I brought an Iberital Expression 3 group over a year ago, gave it a good clean and its been sitting there waiting for me to test. I have just realised that I may not be able to test it because it requires a 3 phase socket.

Can anyone help? I want to be able to test it from home.


----------



## Pyro (Jun 28, 2014)

Not without a phase converter, which I am guessing since you bought the machine second hand will actually end up costing more than it £500-1000...

Your other option is getting 3 phase wiring which IIRC will end up costing £5000-10000

This is exactly why I don't have a commercial machine on my countertop!


----------



## jpaul__ (Feb 19, 2016)

what I would think but expressed more eloquently



> Well, you first have to make sure it's possible.

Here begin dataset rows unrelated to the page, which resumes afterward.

Definition hits_prod (cs : seq int) : nat := foldr (fun c n => hits c * n)%N 1%N cs.

Fixpoint cube_sum (e : nat) (D : seq (seq int)) (cs : seq int) : nat :=
  if D is d :: D' then (cube_sum e D' cs + cube_sum e D' (addcol cs d))%N
  else (hits_prod cs ^ e)%N.

Fixpoint product (T : Type) (ss : seq (seq T)) : seq (seq T) :=
  if ss is s :: ss' then [seq x :: t | x <- s, t <- product ss'] else [:: [::]].

Definition window (n : nat) : seq int := [seq i%:Z - n.+1%:Z | i <- iota 0 (n.*2).+3].

Definition unit_bounded (d : seq int) : bool := all (fun x => `|x| <= 1)%N d.

Definition within (n : nat) (cs : seq int) : bool := all (fun c => `|c| <= n.+1)%N cs.

(* [cube_sum e D cs] sums (prod_r hits (cs_r + sum_j D_j,r y_j)) ^ e over all 0/1 vectors y
   indexed by the columns of D. [cube_check] bounds it by B for every D satisfying cond whose
   (j, r) entry lies in P_j,r, and every offset vector cs in the window; offsets outside the
   window contribute nothing ([cube_sum_out]). *)
Definition cube_check (e q : nat) (P : seq (seq (seq int))) (cond : pred (seq (seq int)))
    (B : nat) : bool :=
  all (fun D => cond D ==>
         all (fun cs => cube_sum e D cs <= B)%N (product (nseq q (window (size P)))))
    (product (map (@product _) P)).

Lemma mem_product (T : eqType) (ss : seq (seq T)) xs :
  all2 (fun x s => x \in s) xs ss -> xs \in product ss.
Proof.
elim: ss xs => [|s ss IH] [|x xs] //= /andP[xs_in /IH xss_in].
exact: (allpairs_f (fun x t => x :: t)).
Qed.

Lemma mem_window n c : (`|c| <= n.+1)%N -> c \in window n.
Proof.
move=> c_le; apply/mapP; exists (absz (c + n.+1%:Z)); first by rewrite mem_iota; lia.
lia.
Qed.

Lemma withinS n cs : within n cs -> within n.+1 cs.
Proof. by apply: sub_all => c /leqW. Qed.

Lemma addcol_out n cs d :
  unit_bounded d -> ~~ within n.+1 cs -> ~~ within n (addcol cs d).
Proof.
elim: cs d => [|c cs IH] [|x d] //.
  by move=> _; apply: contra; apply: withinS.
rewrite /unit_bounded /within /=.
move=> /andP[x_le d_le]; rewrite !negb_and -!ltnNge => /orP[c_gt|cs_out].
  by apply/orP; left; lia.
by apply/orP; right; exact: IH.
Qed.

Lemma cube_sum_out e D cs : (0 < e)%N -> all unit_bounded D ->
  ~~ within (size D) cs -> cube_sum e D cs = 0%N.
Proof.
move=> e_gt0; elim: D cs => [|d D IH] cs /=.
  move=> _ /allPn[c c_in c_gt]; rewrite -ltnNge in c_gt.
  suff -> : hits_prod cs = 0%N by rewrite exp0n.
  elim: cs c_in => [|c' cs IHcs] //=.
  by rewrite inE => /orP[/eqP<-|/IHcs->]; [rewrite hits_eq0 | rewrite muln0].
move=> /andP[d_bd D_bd] cs_out.
rewrite !IH ?addcol_out //.
by move: cs_out; apply: contra; apply: withinS.
Qed.

Lemma cube_check_sound e q P cond B D cs : cube_check e q P cond B -> (0 < e)%N ->
  all2 (all2 (fun x s => x \in s)) D P -> all unit_bounded D -> cond D ->
  size cs = q -> (cube_sum e D cs <= B)%N.
Proof.
move=> chk e_gt0 DP D_bd D_cond cs_q.
have sizeD : size D = size P by move: DP; rewrite all2E => /andP[/eqP].
case: (boolP (within (size D) cs)) => [cs_in|cs_out]; last by rewrite cube_sum_out.
have D_in : D \in product (map (@product _) P).
  apply: mem_product; clear -DP; elim: D P DP => [|d D IH] [|p P] //=.
  by case/andP=> dp /IH->; rewrite mem_product.
move/allP: chk => /(_ D D_in); rewrite D_cond => /allP; apply; apply: mem_product.
rewrite -cs_q -sizeD; elim: cs cs_in {cs_q} => [|c cs IH] //= /andP[c_le /IH->].
by rewrite mem_window.
Qed.

Definition nonzero : seq int := [:: -1; 1].
Definition zero : seq int := [:: 0].
Definition unit_range : seq int := [:: -1; 0; 1].

Definition twisted (D : seq (seq int)) : bool :=
  if D is [:: [:: x1; y1]; [:: x2; y2]] then (x1 == x2) != (y1 == y2) else false.

(* Each certificate bounds the cube sum by half of its trivial maximum
   2 ^ (#columns + e * #rows). *)
Lemma cert_diag3 :
  cube_check 1 3 [:: [:: nonzero; zero; zero]; [:: zero; nonzero; zero]; [:: zero; zero; nonzero]]
    predT 32.
Proof. by vm_compute. Qed.

Lemma cert_overlap3 :
  cube_check 1 3 [:: [:: nonzero; nonzero; unit_range]; [:: zero; nonzero; nonzero]] predT 16.
Proof. by vm_compute. Qed.

Lemma cert_overlap4 :
  cube_check 1 4 [:: [:: nonzero; unit_range; unit_range; nonzero];
                [:: zero; nonzero; nonzero; unit_range]] predT 32.
Proof. by vm_compute. Qed.

Lemma cert_lonely_apart :
  cube_check 1 3 [:: [:: nonzero; zero; zero]; [:: zero; nonzero; nonzero]] predT 16.
Proof. by vm_compute. Qed.

Lemma cert_lonely_inside :
  cube_check 1 3 [:: [:: nonzero; zero; zero]; [:: nonzero; nonzero; nonzero]] predT 16.
Proof. by vm_compute. Qed.

Lemma cert_two_rows_wide :
  cube_check 1 2 [:: [:: nonzero; zero]; [:: unit_range; nonzero]; [:: unit_range; nonzero];
                [:: unit_range; nonzero]] predT 32.
Proof. by vm_compute. Qed.

Lemma cert_two_rows_narrow :
  cube_check 1 2 [:: [:: nonzero; zero]; [:: nonzero; zero]; [:: nonzero; zero]; [:: nonzero; zero];
                [:: unit_range; nonzero]] predT 64.
Proof. by vm_compute. Qed.

Lemma cert_twisted : cube_check 1 2 [:: [:: nonzero; nonzero]; [:: nonzero; nonzero]] twisted 8.
Proof. by vm_compute. Qed.

Lemma cert_parallel1 : cube_check 1 1 (nseq 7 [:: nonzero]) predT 128.
Proof. by vm_compute. Qed.

Lemma cert_parallel2 : cube_check 2 1 (nseq 6 [:: nonzero]) predT 128.
Proof. by vm_compute. Qed.

Lemma cert_parallel3 : cube_check 3 1 (nseq 3 [:: nonzero]) predT 32.
Proof. by vm_compute. Qed.

Section SubcubeSums.
Variable k : nat.
Local Notation cube := {ffun 'I_k -> bool}.

Definition flip (j : 'I_k) (x : cube) : cube := [ffun v => (v == j) (+) x v].

Lemma flip_id j x : flip j x j = ~~ x j.
Proof. by rewrite ffunE eqxx. Qed.

Lemma flip_neq j l x : l != j -> flip j x l = x l.
Proof. by rewrite ffunE => /negbTE->. Qed.

Lemma flipK j : involutive (flip j).
Proof. by move=> x; apply/ffunP=> v; rewrite !ffunE addKb. Qed.

Lemma flipC j l x : flip j (flip l x) = flip l (flip j x).
Proof. by apply/ffunP=> v; rewrite !ffunE addbCA. Qed.

Lemma sum_flip j (g : cube -> nat) : (\sum_x g (flip j x) = \sum_x g x)%N.
Proof. by rewrite [RHS](reindex_inj (inv_inj (flipK j))). Qed.

Fixpoint subcube_sum (J : seq 'I_k) (g : cube -> nat) (x : cube) : nat :=
  if J is j :: J' then (subcube_sum J' g x + subcube_sum J' g (flip j x))%N else g x.

Lemma sum_subcube_sum J g : (\sum_x subcube_sum J g x = 2 ^ size J * \sum_x g x)%N.
Proof.
elim: J => [|j J IH] /=; first by rewrite mul1n.
rewrite big_split /= (sum_flip j (subcube_sum J g)) IH.
by rewrite addnn -mul2n expnS mulnA.
Qed.

Lemma subcube_sum_le J (g g' : cube -> nat) x :
  (forall y, g y <= g' y)%N -> (subcube_sum J g x <= subcube_sum J g' x)%N.
Proof. by move=> le_gg'; elim: J x => [|j J IH] x /=; rewrite ?leq_add. Qed.

Lemma subcube_sumZ J c (g : cube -> nat) x :
  subcube_sum J (fun y => c * g y)%N x = (c * subcube_sum J g x)%N.
Proof. by elim: J x => [|j J IH] x //=; rewrite !IH mulnDr. Qed.

End SubcubeSums.

Section CenteredShape.
Variables (T I : finType) (p : I -> T).
Let C := ~: [set p i | i : I].

Lemma private_image : [set p i |: C | i : I] = [set v |: C | v in ~: C].
Proof. by rewrite setCK -imset_comp. Qed.

Lemma star21_center : #|C| = 1%N -> star21 [set p i |: C | i : I].
Proof.
move/eqP/cards1P => -[c Cc]; rewrite private_image Cc; split.
  by move=> e /imsetP[v]; rewrite !inE => vc ->; rewrite cardsU1 cards1 inE vc.
by exists c; apply: eq_imset => v; rewrite setUC.
Qed.

Lemma star32_center : #|C| = 2%N -> star32 [set p i |: C | i : I].
Proof.
move/eqP/cards2P => -[c1 [c2 [c12 Cc]]]; rewrite private_image Cc; split.
  move=> e /imsetP[v]; rewrite !inE negb_or => vc ->.
  by rewrite cardsU1 cards2 c12 !inE negb_or vc.
exists c1, c2; split => //; apply: eq_imset => v.
by apply/setP => x; rewrite !inE; case: (x == v); case: (x == c1); case: (x == c2).
Qed.

End CenteredShape.

(** * Integer matrices with private columns *)

Section PrivateColumns.
Variables (m k : nat) (a : 'I_m -> 'I_k -> int).
Local Notation cube := {ffun 'I_k -> bool}.

Definition row_val i (x : cube) : int := \sum_j a i j * (x j)%:R.

Definition good i x : bool := is01 (row_val i x).

Definition good_set : {set cube} := [set x | [forall i, good i x]].

Definition flip_delta i j (x : cube) : int := a i j * ((~~ x j)%:R - (x j)%:R).

Lemma row_val_flip i j x : row_val i (flip j x) = row_val i x + flip_delta i j x.
Proof.
rewrite /row_val /flip_delta (bigD1 j) //= [in RHS](bigD1 j) //= flip_id.
rewrite (eq_bigr (fun v => a i v * (x v)%:R)) => [|v /flip_neq->//].
by rewrite mulrBr; ring.
Qed.

Lemma flip_delta_flip i j l x : l != j -> flip_delta i j (flip l x) = flip_delta i j x.
Proof. by move=> lj; rewrite /flip_delta flip_neq // eq_sym. Qed.

Lemma card_good_set : #|good_set| = (\sum_x \prod_i (good i x : nat))%N.
Proof.
rewrite -sum1_card big_mkcond /=; apply: eq_bigr => x _; rewrite inE.
case: (boolP [forall i, good i x]) => [/forallP all_good | /forallPn[i /negbTE bad]].
  by rewrite big1 // => i _; rewrite all_good.
by rewrite (bigD1 i) //= bad mul0n.
Qed.

Hypothesis a_unit : forall i j, (`|a i j| <= 1)%N.

Variable p : 'I_m -> 'I_k.
Hypothesis a_priv : forall i i', i' != i -> a i' (p i) = 0.
Hypothesis a_priv_nz : forall i, a i (p i) != 0.

Lemma priv_unit i : (a i (p i) == 1) || (a i (p i) == -1).
Proof. by have := a_unit i (p i); have := a_priv_nz i; lia. Qed.

Definition free_cols : {set 'I_k} := ~: [set p i | i : 'I_m].

Lemma free_colsP j : reflect (forall i, p i != j) (j \in free_cols).
Proof.
rewrite inE; apply: (iffP idP) => [nfree i | nfree].
  by apply: contraNneq nfree => <-; apply: imset_f.
by apply/imsetP=> -[i _ ji]; move: (nfree i); rewrite ji eqxx.
Qed.

Lemma priv_not_free i : p i \notin free_cols.
Proof. by apply/free_colsP => /(_ i); rewrite eqxx. Qed.

Lemma p_inj : injective p.
Proof.
move=> i i' pii'; apply/eqP; apply: contraT => ii'.
by move: (priv_unit i); rewrite pii' a_priv // eq_sym.
Qed.

Lemma card_free_cols : #|free_cols| = (k - m)%N.
Proof. by rewrite cardsCs setCK card_imset ?card_ord //; exact: p_inj. Qed.

(* [hits (residual i x)] counts the values of the private bit [x (p i)] for which row [i] is
   good ([hits_residual]); the residual itself does not depend on that bit. *)
Definition residual i x : int :=
  row_val i x - a i (p i) * (x (p i))%:R - (a i (p i) == -1)%:R.

Definition weight x : nat := (\prod_i hits (residual i x))%N.

Lemma good_flip_priv i i' x : i' != i -> good i' (flip (p i) x) = good i' x.
Proof. by move=> i'i; rewrite /good row_val_flip /flip_delta a_priv // mul0r addr0. Qed.

Lemma hits_residual i x : hits (residual i x) = (good i x + good i (flip (p i) x))%N.
Proof.
rewrite /good row_val_flip /flip_delta /residual hitsE.
by case/orP: (priv_unit i) => /eqP->; case: (x (p i)) => /=; rewrite /is01; lia.
Qed.

Lemma hits_residual_flip i r x : i != r -> hits (residual i (flip (p r) x)) = hits (residual i x).
Proof. by move=> ir; rewrite !hits_residual flipC !(good_flip_priv _ ir). Qed.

You are talking about 3 phase vs. 1 phase, ie. the 380 V is actually 3 individual 240V phases. On some espresso machines the pump is on one phase and the heater on the other two. In all cases I've seen the heater is actually a dual element, each element using one phase of the 380 V. To use it on one phase you will have to operate the heating elements in parallel along with the pump. This is possible, but whether or not it will be practical is a simple matter of mathematics. As an example, if each element or each half of the element draws 1000 watts and the pump draws another 100 watts you will be drawing 2100 watts on one phase. That means it will be drawing 8.75 A, which should not be a problem. If, however, each element draws 2000 watts you will be 17.5 A which is too high for the normal wiring in a normal home and will cause the circuit breaker to blow. In any case you will be putting a heavy load on the phase used and will probably find a loss of 20 or more volts when the heaters are on.


----------



## espressotechno (Apr 11, 2011)

It's a Spanish machine with typical 4 core wiring. UK Iberital machines are all wired for 230v single phase electrics.

You join the black lead to the brown for the live feed; green is earth; the beige-ish one is neutral.

You'll need a mains supply of 20amps minimum.


----------